Research on Deep Q-Network Hybridization with Extended Kalman Filter in Maneuvering Decision of Unmanned Combat Aerial Vehicles

Juntao Ruan,Yi Qin,Fei Wang,Jianjun Huang,Fujie Wang,Fang Guo,Yaohua Hu
DOI: https://doi.org/10.3390/math12020261
IF: 2.4
2024-01-13
Mathematics
Abstract:To adapt to the development trend of intelligent air combat, it is necessary to research the autonomous generation of maneuvering decisions for unmanned combat aerial vehicles (UCAV). This paper presents a maneuver decision-making method for UCAV based on a hybridization of deep Q-network (DQN) and extended Kalman filtering (EKF). Firstly, a three-dimensional air combat simulation environment is constructed, and a flight motion model of UCAV is designed to meet the requirements of the simulation environment. Secondly, we evaluate the current situation of UCAV based on their state variables in air combat, for further network learning and training to obtain the optimal maneuver strategy. Finally, based on the DQN, the system state equation is constructed using the uncertain parameter values of the current network, and the observation equation of the system is constructed using the parameters of the target network. The optimal parameter estimation value of the DQN is obtained by iteratively updating the solution through EKF. Simulation experiments have shown that this autonomous maneuver decision-making method hybridizing DQN with EKF is effective and reliable, as it can eliminate the opponent and preserve its side.
mathematics
What problem does this paper attempt to address?
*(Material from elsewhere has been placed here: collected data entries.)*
Lemma sq_brP i j q r : sq_part i q -> sq_part j r -> sq_part (addb i j) (sq_br q r).
Proof.
move=> [x [Vx [px ->]]] [y [Vy [py ->]]]; exists (br x y).
by rewrite sq_br_of //; split; [in_V | split; [apply: lsa_brP |]].
Qed.

Lemma sq_skew i j q r : sq_part i q -> sq_part j r ->
  sq_br q r = - (ssign k (i && j) *: sq_br r q).
Proof.
move=> [x [Vx [px ->]]] [y [Vy [py ->]]].
by rewrite !sq_br_of // sq_ofZ ?sq_ofN -?(lsa_skew px py) //; in_V.
Qed.

Lemma sq_jacobi i j l q r s : sq_part i q -> sq_part j r -> sq_part l s ->
  ssign k (i && l) *: sq_br q (sq_br r s) + ssign k (j && i) *: sq_br r (sq_br s q)
  + ssign k (l && j) *: sq_br s (sq_br q r) = 0.
Proof.
move=> [x [Vx [px ->]]] [y [Vy [py ->]]] [z [Vz [pz ->]]].
rewrite !sq_br_of ?sq_ofZ; try by in_V.
set a := _ *: br x _; set b := _ *: br y _; set c := _ *: br z _.
have [Va Vb Vc] : [/\ V a, V b & V c] by split; in_V.
by rewrite (sq_ofD Va Vb) (sq_ofD (subspaceD sV Va Vb) Vc) (lsa_jacobi px py pz).
Qed.

Definition subquotient : lieSuperAlg k :=
  LieSuperAlg sq_part0 sq_partL sq_decomp sq_disj sq_brL sq_brR sq_brP sq_skew sq_jacobi.

End SubquotientLie.

Section SpanningModuloDerived.
Variables (k : fieldType) (L : lieSuperAlg k).

Lemma finite_dim_homogeneous_span : finite_dim L ->
  exists (I : finType) (u : I -> L) (p : I -> bool),
    (forall i, lsa_part (p i) (u i)) /\ forall x, exists c : I -> k, x = \sum_i c i *: u i.
Proof.
move=> [n [v vspan]].
have decomp i : exists di : bool -> L, (forall b, lsa_part b (di b)) /\ v i = di false + di true.
  have [v0 [v1 [p0 [p1 ->]]]] := lsa_decomp (v i).
  by exists (fun b => if b then v1 else v0); split => // [[]].
have [d hd] := choice decomp.
exists ('I_n * bool)%type, (fun ib => d ib.1 ib.2), snd.
split=> [[i b] | x]; first exact: (hd i).1.
have [c ->] := vspan x; exists (fun ib => c ib.1).
rewrite -(pair_bigA _ (fun i b => c i *: d i b)); apply: eq_bigr => i _.
by rewrite big_bool /= (hd i).2 scalerDr addrC.
Qed.

Variables (I : finType) (u : I -> L).

Definition spans_mod_derived (J : {set I}) := forall l : L,
  exists (a : I -> k) (w : L), derived w /\ l = \sum_(j in J) a j *: u j + w.

(* If a j0 != 0, then u j0 is a combination of the other u j modulo [L, L]. *)
Lemma minimal_spans_mod_derived_free J : spans_mod_derived J ->
    (forall j, j \in J -> ~ spans_mod_derived (J :\ j)) ->
  forall a : I -> k, derived (\sum_(j in J) a j *: u j) -> forall j, j \in J -> a j = 0.
Proof.
move=> Jspan Jmin a da j0 j0J; have sD := brsp_subspace (fun _ : L => True) (fun _ => True).
case: (eqVneq (a j0) 0) => // a0n; exfalso; apply: (Jmin j0 j0J) => l.
have [b [w [dw ->]]] := Jspan l; pose c := b j0 / a j0.
exists (fun j => b j - c * a j), (w + c *: \sum_(j in J) a j *: u j).
split; first exact: (subspaceD sD dw (subspaceZ sD c da)).
have -> : \sum_(j in J :\ j0) (b j - c * a j) *: u j = \sum_(j in J) (b j - c * a j) *: u j.
  by rewrite [RHS](big_setD1 j0) //= /c mulfVK // subrr scale0r add0r.
under [X in _ = X + _]eq_bigr do rewrite scalerBl -scalerA.
by rewrite sumrB -scaler_sumr addrACA addNr addr0.
Qed.

End SpanningModuloDerived.

Section UniversalBound.
Variables (k : fieldType) (L F : lieSuperAlg k) (pi : F -> L) (hpi : is_hom pi).
Hypothesis pi_onto : forall y, exists x, pi x = y.
Variables (I : finType) (u : I -> L) (p : I -> bool) (g : I -> F).
Hypotheses (g_part : forall i, lsa_part (p i) (g i)) (pi_g : forall i, pi (g i) = u i).
Variable J : {set I}.
Hypotheses (J_span : spans_mod_derived u J)
  (J_min : forall j, j \in J -> ~ spans_mod_derived u (J :\ j)).
Local Notation br := (@lsa_br k F).
Local Notation FR := (@brsp k F (fun _ => True) (fun r => pi r = 0)).
Let pi_lin := hpi.1.
Let sD := brsp_subspace (fun _ : F => True) (fun _ => True).
Lemma rank_perm_unique s : is_sortperm f (s^-1)%g -> s = rank_perm.
Proof.
have rankE s' x : is_sortperm f (s'^-1)%g -> nat_of_ord (s' x) = rank x.
  move/sortpermP=> srtE; rewrite -[LHS](card_perm_ltn s' (ltnW (ltn_ord (s' x)))).
  by apply: eq_card => y; rewrite !inE srtE.
move=> srt; apply/permP => x; apply: val_inj => /=.
by rewrite (rankE s) // (rankE rank_perm) //; exact: rank_permP.
Qed.

End SortKey.

Section Blocks.

Variables (n m : nat) (A : {ffun 'I_(2 * m).+1 -> nat}).
Local Notation N := (2 * m).+1.

Lemma bstart0 : bstart A 0 = 0%N.
Proof. by rewrite /bstart big_pred0. Qed.

Lemma bstartS (l : 'I_N) : bstart A l.+1 = (bstart A l + A l)%N.
Proof.
rewrite /bstart (bigD1 l) //= addnC; congr (_ + _)%N.
by apply: eq_bigl => k; rewrite ltnS ltn_neqAle -val_eqE andbC.
Qed.

Lemma bstart_mono : {homo bstart A : k k' / k <= k'}%N.
Proof.
move=> k k' kk'; rewrite /bstart !(big_mkcond (fun l : 'I_N => _ < _)%N).
by apply: leq_sum => l _; case: ifP => // /leq_trans /(_ kk') ->.
Qed.

Lemma bstart_total : bstart A N = (\sum_(l < N) A l)%N.
Proof. by apply: eq_bigl => l; rewrite ltn_ord. Qed.

Lemma block_index : weak_comp n A ->
  exists c : 'I_n -> nat, forall t k, (c t < k)%N = (t < bstart A k)%N.
Proof.
move=> wA; have ex_block (t : 'I_n) : exists k, (t < bstart A k.+1)%N.
  by exists (2 * m); rewrite bstart_total wA.
exists (fun t => ex_minn (ex_block t)) => t [|k]; first by rewrite bstart0 !ltn0.
case: ex_minnP => c tc c_min; rewrite ltnS; apply/idP/idP => [ck | /c_min //].
exact: leq_trans tc (bstart_mono _).
Qed.

End Blocks.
The problem that this paper attempts to solve is how to realize the autonomous generation of maneuvering decisions for Unmanned Combat Aerial Vehicles (UCAVs) in the context of intelligent air combat. Specifically, the paper proposes a method based on the fusion of Deep Q - Network (DQN) and Extended Kalman Filter (EKF), aiming to improve the UCAV's autonomous maneuvering decision - making ability in complex and dynamic aerial environments. Through this method, the UCAV can more effectively eliminate opponents and protect itself in combat, thereby enhancing its effectiveness and reliability in intelligent air combat. The paper mainly focuses on the following aspects: 1. **Constructing a three - dimensional air combat simulation environment**: A UCAV flight motion model that meets the simulation requirements is designed. 2. **Evaluating the current UCAV state**: Evaluation is based on the state variables of the UCAV in air combat, so as to further carry out network learning and training and obtain the optimal maneuvering strategy. 3. **Fusing DQN and EKF**: Use DQN to generate the system state equation, and use the parameters of the target network to construct the system's observation equation. Through EKF iterative update of the solution, the optimal parameter estimation value of DQN is obtained. Through these methods, the paper aims to solve the problem of parameter estimation deviation in the existing DQN algorithm caused by the influence of the experience pool and the target network during the parameter update process, thereby improving the stability and convergence of UCAV maneuvering decision - making.